(Still Life With Menu)
Combine vinegar, sugar, soy sauce, sesame oil, and red pepper and mix well. Add diced tofu. Let marinade get all over the tofu, then cover and let marinate for at least an hour.
Get the onion, celery, carrot, and bamboo shoots ready and set aside in one bowl. In another bowl get the peas, garlic, scallions, and zucchini ready. Keep the peanuts handy in another bowl.
About 15 minutes before serving time put the cornstarch or arrowroot in a bowl and pour the marinade off the tofu into the bowl. Whisk it all together until the cornstarch dissolves. Keep whisk with the bowl.
Time is of the essence here, and when the stir-frying commences you won't have time to fool around.

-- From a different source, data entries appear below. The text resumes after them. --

(* Let $w,n$ be positive integers with $w\le n$ such that $r:=\binom{n}{w}/\lfloor n/w\rfloor$ is an even integer. Let $a$ be the remainder of $n$ divided by $w$ and suppose $2a<w$. Suppose that there exists a $2$-good almost-regular edge-coloring of $K_n^w$. Then there exists a $\mathrm{TOC}_3(n,2w-1,w)$.
   Context: $\mathcal{H}_q(n,w)$ is the set of all words of length $n$ over $\mathbb{Z}_q$ with exactly $w$ nonzero entries, with the Hamming distance. An $(n,d,w)_q$-code is a nonempty subset of $\mathcal{H}_q(n,w)$ in which any two distinct words have Hamming distance at least $d$; $A_q(n,d,w)$ is the maximum size of such a code, and a code of this size is optimal. A $\mathrm{TOC}_q(n,d,w)$ is a partition of $\mathcal{H}_q(n,w)$ into optimal $(n,d,w)_q$-codes. $K_n^w$ is the complete $w$-uniform hypergraph on vertex set $[n]$. A sub-hypergraph with vertex set $[n]$ is almost-regular if the degrees of any two vertices differ by at most one. Suppose $g\mid r$ where $r=\binom{n}{w}/\lfloor n/w\rfloor$. An almost-regular edge-coloring $\{\mathcal{F}_{i,j}:1\le i\le r/g,\,1\le j\le g\}$ of $K_n^w$ is a partition of the edges of $K_n^w$ into classes $\mathcal{F}_{i,j}$, each an almost-regular sub-hypergraph (on vertex set $[n]$) with exactly $\lfloor n/w\rfloor$ edges. It is $g$-good if for each $i$ the union $\mathcal{A}_i=\bigcup_{j=1}^g\mathcal{F}_{i,j}$ is the block set of a packing $\mathrm{P}(2,w,n)$, i.e. every pair of elements of $[n]$ is contained in at most one edge of $\mathcal{A}_i$. *)

From mathcomp Require Import all_boot.
Set Implicit Arguments. Unset Strict Implicit. Unset Printing Implicit Defensive.

(* Words of length n over Z_q: Z_q represented by 'I_q (the element 0 is
   the ordinal with value 0). *)
Definition word (q n : nat) := {ffun 'I_n -> 'I_q}.

Definition wt (q n : nat) (x : word q n) : nat :=
  #|[set i : 'I_n | nat_of_ord (x i) != 0]|.

Definition hdist (q n : nat) (x y : word q n) : nat :=
  #|[set i : 'I_n | x i != y i]|.

Definition Hqnw (q n w : nat) : {set word q n} := [set x | wt x == w].

Definition is_code (q n d w : nat) (C : {set word q n}) : bool :=
  [&& C != set0, C \subset Hqnw q n w &
   [forall x in C, forall y in C, (x != y) ==> (d <= hdist x y)]].

Definition Aq (q n d w : nat) : nat :=
  \max_(C : {set word q n} | is_code d w C) #|C|.

Definition optimal_code (q n d w : nat) (C : {set word q n}) : bool :=
  is_code d w C && (#|C| == Aq q n d w).

Definition TOC (q n d w : nat) (P : {set {set word q n}}) : Prop :=
  partition P (Hqnw q n w) /\ forall C, C \in P -> optimal_code d w C.

Definition rr (n w : nat) : nat := 'C(n, w) %/ (n %/ w).

Definition hdeg (n : nat) (E : {set {set 'I_n}}) (v : 'I_n) : nat :=
  #|[set e in E | v \in e]|.

Definition almost_regular (n : nat) (E : {set {set 'I_n}}) : Prop :=
  forall u v : 'I_n, hdeg E u <= (hdeg E v).+1.

(* Almost-regular edge-coloring {F_{i,j} : i < r/g, j < g} of K_n^w
   (indices shifted to start at 0). *)
Definition almost_regular_coloring (n w g : nat)
  (F : 'I_(rr n w %/ g) -> 'I_g -> {set {set 'I_n}}) : Prop :=
  (forall i j e, e \in F i j -> #|e| = w) /\
  (forall e : {set 'I_n}, #|e| = w ->
     exists! ij : 'I_(rr n w %/ g) * 'I_g, e \in F ij.1 ij.2) /\
  (forall i j, almost_regular (F i j) /\ #|F i j| = n %/ w).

Heat a wok, add the peanut or sesame oil. When the oil is hot add the bowl with the onions etc. and the 1/2 teaspoon salt. Stir-fry over high heat for about 5 minutes. Next, throw in the peas etc. bowl, stir-frying for 2-3 minutes. Add the drained tofu and stir-fry for another 3-5 minutes or until the vegetables are just tender. If you're making the deluxe version, now is the time to add the water chestnuts, cashews, and tofu kan or 5-spice tofu. Whisk the cornstarch mixture up one more time and pour it in. Stir-fry just a few more minutes. Toss the peanuts on and serve immediately over rice.